Our changing sea world

Global teams study effects of acidification, pH levels on coral

Mote Marine Lab on Summerland Key is working this month with an international team of coral ecologists researching the causes and effects of a major threat to corals throughout the world — ocean acidification.

Ocean acidification occurs with the lowering of oceanic pH levels due to increasing carbon dioxide in the atmosphere. Larger amounts of carbon dioxide in the air are making the world’s oceans more acidic, and in turn, reducing the amount of calcium and carbonate in the oceans. Corals need both to form their hard skeletons.

Coral ecologists with Mote and the Interuniversity Institute for Marine Sciences in Eilat, Israel, have partnered to test the effects of ocean acidification and rising sea temperature.

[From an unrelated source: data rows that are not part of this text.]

(* Let $G_f$ and $G_g$ be ROBDDs over the same variable ordering, representing boolean functions $f$ and $g$, whose node identifiers are compact and whose nodes respect the extended ordering described in the context. Then $f\equiv g$ if and only if for every level $i$ and every $j$, the $j$-th node on level $i$ of $G_f$ and the $j$-th node on level $i$ of $G_g$ are numerically identical (i.e. equal as triples $(\mathit{uid},\mathit{low},\mathit{high})$).
   Context: An OBDD over variables $x_0,x_1,\dots$ is a rooted DAG with leaves $\bot,\top$ and internal nodes labelled by a variable index $i$ with low child (for $x_i=\bot$) and high child (for $x_i=\top$), labels strictly increasing along every path; the internal nodes with label $i$ form level $i$. Each internal node $v$ has a unique identifier $x_{i,\mathit{id}}=(i,\mathit{id})$ with $\mathit{id}\in\mathbb N$ unique within level $i$, and is represented as the triple $(x_{i,\mathit{id}},\mathit{low},\mathit{high})$ where $\mathit{low},\mathit{high}$ are identifiers of internal nodes or leaf values. An ROBDD is an OBDD with no node having two identical children and no two distinct nodes with the same label and the same children. Extended ordering: on identifiers and leaves, $(i_1,\mathit{id}_1)<(i_2,\mathit{id}_2)$ iff $i_1<i_2$ or ($i_1=i_2$ and $\mathit{id}_1<\mathit{id}_2$), and every internal identifier is smaller than $\bot$, with $\bot<\top$; moreover, for any two internal nodes $(x_{i,\mathit{id}_1},\mathit{low}_1,\mathit{high}_1)$ and $(x_{i,\mathit{id}_2},\mathit{low}_2,\mathit{high}_2)$ on the same level $i$, $\mathit{id}_1<\mathit{id}_2$ iff $\mathit{low}_1<\mathit{low}_2$ or ($\mathit{low}_1=\mathit{low}_2$ and $\mathit{high}_1<\mathit{high}_2$), children compared by this same ordering. Identifiers are compact if, for every level $i$ with $N_i$ nodes, the identifiers on level $i$ are exactly $0,1,\dots,N_i-1$ (so the $j$-th node on level $i$ in this order has identifier $j-1$). *)

From mathcomp Require Import all_boot.
Set Implicit Arguments. Unset Strict Implicit. Unset Printing Implicit Defensive.
Lemma zprod_neq0 z e : (forall h, (1 <= h <= NN n)%N -> zv z h != 0) -> zprod z e != 0.
Proof.
move=> znz; rewrite /zprod big_seq prodf_seq_neq0; apply/allP => h.
by rewrite mem_index_iota ltnS => h_range; apply/implyP => _; rewrite expf_neq0 ?znz.
Qed.

Lemma zprod_eps_pow z j : zprod z (fun h => eps j h) =
  zv z (2 ^ j)%N * \prod_(1 <= h < (NN n).+1 | h != (2 ^ j)%N) zv z h ^+ eps j h.
Proof.
by rewrite /zprod (bigD1_index_iota (2 ^ j)%N) ?ltnS ?pow_in_range // eps_pow eqxx expr1.
Qed.

Lemma prod_zprod_eps z i :
  \prod_(k < n | k != i) zprod z (fun h => eps k h) =
  zprod z (fun h => sdig n h - 1)%N * zprod z (fun h => 1 - eps i h)%N.
Proof.
rewrite /zprod exchange_big -big_split /= big_seq [RHS]big_seq; apply: eq_bigr => h.
rewrite mem_index_iota ltnS index_rangeE => h_range.
by rewrite prodrXr -exprD sdig_split.
Qed.

Lemma sum_mul_prod_zprod_eps z (x : 'I_n -> int) :
  \sum_(i < n) x i * \prod_(k < n | k != i) zprod z (fun h => eps k h) =
  zprod z (fun h => sdig n h - 1)%N * \sum_(i < n) zprod z (fun h => 1 - eps i h)%N * x i.
Proof.
rewrite mulr_sumr; apply: eq_bigr => i _.
by rewrite prod_zprod_eps mulrCA [x i * _]mulrC.
Qed.

Lemma phiA_inW a : inA a -> inW (phiA a).
Proof.
case: a => x' z [znz _ _ eqA]; split.
  by apply/prodf_neq0 => i _; rewrite ffunE zprod_neq0.
rewrite (eq_bigr (fun i => zv z (2 ^ i)%N * x' i *
  \prod_(k < n | k != i) zprod z (fun h => eps k h))) => [|i _]; last first.
  by rewrite ffunE; congr (_ * _); apply: eq_bigr => k _; rewrite ffunE.
rewrite sum_mul_prod_zprod_eps; under eq_bigr do rewrite mulrA.
by rewrite eqA mulr0.
Qed.

Lemma eq_tuple_zv z w : (forall h, (1 <= h <= NN n)%N -> zv z h = zv w h) -> z = w.
Proof.
move=> eq_zw; apply: eq_from_tnth => i; rewrite !(tnth_nth 0).
by have := eq_zw i.+1; rewrite /zv /=; apply; rewrite ltn_ord.
Qed.

Lemma admissible_inj z w : admissible z -> admissible w ->
  (forall j, zprod z (fun h => eps j h) = zprod w (fun h => eps j h)) -> z = w.
Proof.
move=> [znz zred zpos] [wnz wred wpos] eqY.
have eq_abs : forall h, (1 <= h <= NN n)%N -> zabs z h = zabs w h.
  apply: yprod_inj; try exact: zabs_positive; try exact: zabs_reduced.
  by move=> j; rewrite !yprod_zabs eqY.
have eq_sdig_ge2 h : (1 <= h <= NN n)%N -> (2 <= sdig n h)%N -> zv z h = zv w h.
  move=> h_range h_ge2; rewrite -[zv z h]gtz0_abs ?zpos // -[zv w h]gtz0_abs ?wpos //.
  by have := eq_abs h h_range; rewrite /zabs => ->.
apply: eq_tuple_zv => h h_range; have [h_ge2 | ] := leqP 2 (sdig n h).
  exact: eq_sdig_ge2.
rewrite ltnS; move: h_range; rewrite index_rangeE => h_range.
move=> /(sdig_le1_pow h_range) [j ->].
have eq_rest : \prod_(1 <= l < (NN n).+1 | l != (2 ^ j)%N) zv z l ^+ eps j l =
               \prod_(1 <= l < (NN n).+1 | l != (2 ^ j)%N) zv w l ^+ eps j l.
  rewrite big_seq_cond [RHS]big_seq_cond; apply: eq_bigr => l.
  rewrite mem_index_iota ltnS => /andP [l_range l_ne].
  have [jl | //] := boolP (eps j l).
  by rewrite eq_sdig_ge2 // (sdig_ge2 _ jl) // -index_rangeE.
have := eqY j; rewrite !zprod_eps_pow eq_rest; apply: mulIf.
rewrite big_seq_cond prodf_seq_neq0; apply/allP => l; rewrite mem_index_iota ltnS.
by move=> l_range; apply/implyP => _; rewrite expf_neq0 ?wnz.
Qed.

Lemma phiA_inj a b : inA a -> inA b -> phiA a = phiA b -> a = b.
Proof.
case: a b => [x z] [x' w] [znz zred zpos _] [wnz wred wpos _] [/ffunP eqx /ffunP eqy].
have eq_zw : z = w.
  by apply: admissible_inj => // j; have := eqy j; rewrite !ffunE.
subst w; congr pair; apply/ffunP => j; apply: (mulfI (znz _ (pow_in_range j))).
by have := eqx j; rewrite !ffunE.
Qed.

Lemma exists_tuple_zv (f : nat -> int) :
  exists z : (NN n).-tuple int, forall h, (1 <= h <= NN n)%N -> zv z h = f h.
Proof.
exists [tuple of map f (iota 1 (NN n))] => h /andP [h_gt0 h_le].
have h_lt : (h.-1 < NN n)%N by rewrite prednK.
by rewrite /zv /= (nth_map 0) ?size_iota // nth_iota // add1n prednK.
Qed.

Lemma coprimez_zv_pow z j : reduced z ->
  coprimez (zv z (2 ^ j)%N) (zprod z (fun h => 1 - eps j h)%N).
Proof.
move=> /zabs_reduced zred; rewrite coprimezE abs_zprod big_seq.
apply: (big_ind (coprime _)) => [|a b ca cb|h]; first exact: coprimen1.
  by rewrite coprimeMr ca cb.
rewrite mem_index_iota ltnS => h_range.
have [jh | not_jh] := boolP (eps j h); first by rewrite subnn coprimen1.
have [not_jh' not_hj] : ~~ preceq n (2 ^ j) h /\ ~~ preceq n h (2 ^ j).
  by apply: pow_incomparable not_jh; rewrite -index_rangeE.
by rewrite subn0 expn1 zred ?pow_in_range.
Qed.

Lemma dvdz_zv_pow z (x : 'I_n -> int) j : reduced z ->
  \sum_(i < n) zprod z (fun h => 1 - eps i h)%N * x i = 0 -> (zv z (2 ^ j)%N %| x j)%Z.
Proof.
move=> zred sum0; rewrite -(Gauss_dvdzr _ (coprimez_zv_pow j zred)).
have -> : zprod z (fun h => 1 - eps j h)%N * x j =
          - \sum_(i < n | i != j) zprod z (fun h => 1 - eps i h)%N * x i.
  by apply/eqP; rewrite -addr_eq0; move: sum0; rewrite (bigD1 j) //= => ->.
rewrite rpredN; apply: rpred_sum => i ij; apply: dvdz_mulr.
rewrite /zprod (bigD1_index_iota (2 ^ j)%N) ?ltnS ?pow_in_range //.
by rewrite eps_pow val_eqE (negbTE ij) subn0 expr1 dvdz_mulr.
Qed.

Lemma exists_admissible (y : 'I_n -> int) : (forall j, y j != 0) ->
  exists z, admissible z /\ forall j, zprod z (fun h => eps j h) = y j.
Proof.
move=> y_neq0; have /exists_reduced_family [Z [Zpos Zred ZY]] : forall j, (0 < `|y j|)%N.
  by move=> j; rewrite absz_gt0.
pose sign h := \prod_(k < n | h == (2 ^ k)%N) sgz (y k).
have [z zE] := exists_tuple_zv (fun h => (Z h)%:R * sign h).
have abs_sign h : `|sign h|%N = 1%N.
  apply: (big_ind (fun s => `|s|%N = 1%N)) => [//|s t abs_s abs_t|k _].
    by rewrite abszM abs_s abs_t.
  by have := y_neq0 k; case: sgzP.
have sign_other h : (forall k, h != (2 ^ k)%N) -> sign h = 1.
  by move=> not_pow; rewrite /sign big_pred0 // => k; apply/negbTE.
have sign_eps k h : sign h ^+ eps k h = if h == (2 ^ k)%N then sgz (y k) else 1.
  have [-> | not_pow] := eqVneq h (2 ^ k)%N.
    rewrite eps_pow eqxx /sign (big_pred1 k) // => k' /=.
    by rewrite eqn_exp2l // eq_sym val_eqE.
  have [kh | //] := boolP (eps k h); rewrite sign_other // => k'.
  by apply: contraNneq not_pow => eq_h; move: kh; rewrite eq_h eps_pow => /eqP->.
have zabsE h : (1 <= h <= NN n)%N -> zabs z h = Z h.
  by move=> h_range; rewrite /zabs zE // abszM abs_sign muln1 natz absz_nat.
exists z; split; first split.
- by move=> h h_range; rewrite -absz_gt0 -/(zabs z h) zabsE ?Zpos.
- move=> h l h_range l_range not_hl not_lh.
  by rewrite /gcdz -!/(zabs z _) !zabsE // (eqP (Zred h l h_range l_range not_hl not_lh)).
- move=> h h_range h_ge2; rewrite zE // sign_other ?mulr1 ?ltr0n ?Zpos // => k.
  by apply: contraTneq h_ge2 => ->; rewrite sdig_pow.
move=> k; rewrite /zprod big_seq.
rewrite (eq_bigr (fun h => ((Z h)%:R * sign h) ^+ eps k h)); last first.
  by move=> h; rewrite mem_index_iota ltnS => /zE ->.
rewrite -big_seq; under eq_bigr do rewrite exprMn sign_eps.
rewrite big_split /=.
have -> : \prod_(1 <= h < (NN n).+1) (Z h)%:R ^+ eps k h = (`|y k|%N)%:R :> int.
  by rewrite -ZY /yprod natr_prod; apply: eq_bigr => h _; rewrite natrX.
rewrite (bigD1_index_iota (2 ^ k)%N) ?ltnS ?pow_in_range // eqxx big1 => [|h /negbTE -> //].
by rewrite /= mulr1 natz mulrC -intEsg.
Qed.

Lemma phiA_surj (xy : {ffun 'I_n -> int} * {ffun 'I_n -> int}) :
  inW xy -> exists a, inA a /\ phiA a = xy.
Proof.
case: xy => x y [/prodf_neq0 y_neq0 sum0].
have [z [[znz zred zpos] zY]] := exists_admissible (fun j => y_neq0 j isT).
have sum0' : \sum_(i < n) zprod z (fun h => 1 - eps i h)%N * x i = 0.
  apply/eqP; rewrite -(mulrI_eq0 _ (mulfI (zprod_neq0 (fun h => sdig n h - 1)%N znz))).
  rewrite -sum_mul_prod_zprod_eps -[X in _ == X]sum0; apply/eqP/eq_bigr => i _.
  by congr (_ * _); apply: eq_bigr => k _; rewrite zY.
pose x' := [ffun j : 'I_n => (x j %/ zv z (2 ^ j)%N)%Z].
have xE j : zv z (2 ^ j)%N * x' j = x j by rewrite ffunE mulrC divzK // dvdz_zv_pow.
exists (x', z); split.
  by split => //; rewrite -[RHS]sum0'; apply: eq_bigr => j _; rewrite -mulrA xE.
by congr (_, _); apply/ffunP => j; rewrite ffunE ?xE ?zY.
Qed.

End IntegerFamilies.

Theorem mainTheorem11 (n : nat) (hn : (3 <= n)%N) :
  (forall a, @inA n a -> @inW n (@phiA n a)) /\
  (forall a b, @inA n a -> @inA n b -> @phiA n a = @phiA n b -> a = b) /\
  (forall w, @inW n w -> exists a, @inA n a /\ @phiA n a = w).
Proof. by split; [exact: phiA_inW | split; [exact: phiA_inj | exact: phiA_surj]]. Qed.
Lemma SI_factor_fwd f : SI k Q beta sigma f -> forall W, f W = f (expand_fwd (contract_fwd W)).
Proof.
move=> [hf hSI] W.
have hinv : forall G : 'M[k]_n, G \in unitmx -> forall B A,
    f (updF W (B *m G) (fun i => invmx G *m A i)) = f (updF W B A).
  by move=> G uG B A; rewrite -act_upd_fwd // hSI ?charac_GLat ?mul1r //; exact: GLat_GL.
have eqA (a : IA) : n = beta (qh (val a)) by case/andP: (valP a) => /eqP ->.
rewrite -{1}(upd_id b eqA (fun _ => erefl) W).
by rewrite (invariant_normal_form hchar hbeta (upd_curve W hf) hinv) upd_normal_form_fwd.
Qed.

(* expand is a section of contract, since E E^T = 1. *)
Lemma contract_expand_fwd W' : contract_fwd (expand_fwd W') = W'.
Proof.
apply: functional_extensionality_dep => -[a'|a'] /=.
  by rewrite /expand_fwd valK; apply: mcast_id.
have hk : ~~ keepP Q v0 (val a') by case/andP: (valP a') => h _; rewrite /keepP h andbF.
have b_out : ~~ keepP Q v0 b /\ ~~ inP Q v0 b by rewrite /keepP /inP eqxx (negPf hw).
rewrite /expand_fwd (insubN _ b_out.1) (insubN _ b_out.2) (insubN _ hk) valK mcast_id.
rewrite mcastK; first by rewrite mulmxA (pid_mx_tr k hbeta) mul1mx.
  by case/andP: (valP a') => /eqP ->.
by [].
Qed.

(* contract is GL-equivariant; the factor g(v0) cancels in the composite. *)
Lemma contract_act_fwd g W : is_GL k Q beta g ->
  contract_fwd (act k Q beta (GLinv k Q beta g) W) =
  act k QB betab (GLinv k QB betab (resGL g)) (contract_fwd W).
Proof.
move=> gGL; apply: functional_extensionality_dep => -[a'|a'] //=.
have e : qh (val a') = v0 by case/andP: (valP a') => /eqP.
rewrite /act /GLinv /resGL !invmxK /= (mcast_conjl (fun x => invmx (g x)) e).
by rewrite !mulmxA (mulmxK (gGL _)).
Qed.

Lemma polymx_expand_fwd a : polymx (fun W' : Rep k QB betab => expand_fwd W' a).
Proof.
rewrite /expand_fwd; case: insubP => [a' _ _|_].
  exact/polymx_mcast/polymx_coord.
case: insubP => [a' _ _|_]; last exact/polymx_mcast/polymx_const.
exact/polymx_mcast/polymx_mul/polymx_coord/polymx_const.
Qed.

Lemma polymx_contract_fwd e : polymx (fun W => contract_fwd W e).
Proof.
case: e => a' /=; first exact: polymx_coord.
exact/polymx_mul/polymx_mcast/polymx_coord/polymx_coord.
Qed.

Theorem SI_iso_fwd : SI_iso k Q beta sigma QB betab (restr v0 sigma).
Proof.
apply: (SI_iso_transfer (Q' := QB) (beta' := betab) (pi := contract_fwd) (lift := expand_fwd)
  (res := @resGL k Q v0 beta) (ext := @extGL k Q v0 beta)).
- exact: contract_expand_fwd.
- exact: SI_factor_fwd.
- exact: contract_act_fwd.
- by move=> g gGL x; apply: gGL.
- exact: extGL_GL.
- exact: resGL_extGL.
- exact: charac_resGL.
- exact: polymx_expand_fwd.
- exact: polymx_contract_fwd.
Qed.
End Forward.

The researchers gathered for two weeks at Mote’s Summerland Keys lab to further their research.

The ecologists focused on two species of coral found in the Florida Keys — Porites porites, commonly called finger coral, and Porites astreoides, commonly referred to as mustard hill coral.

Mote’s lab looked like a mini-disco tech as the two species of coral were exposed to bright red, blue and purple LED lights, mimicking differing scenarios of sunlight. The ecologists also altered the pH levels and temperatures in the water to create different environmental conditions that corals in the wild could be exposed to in the future if pH levels and temperatures continue to rise.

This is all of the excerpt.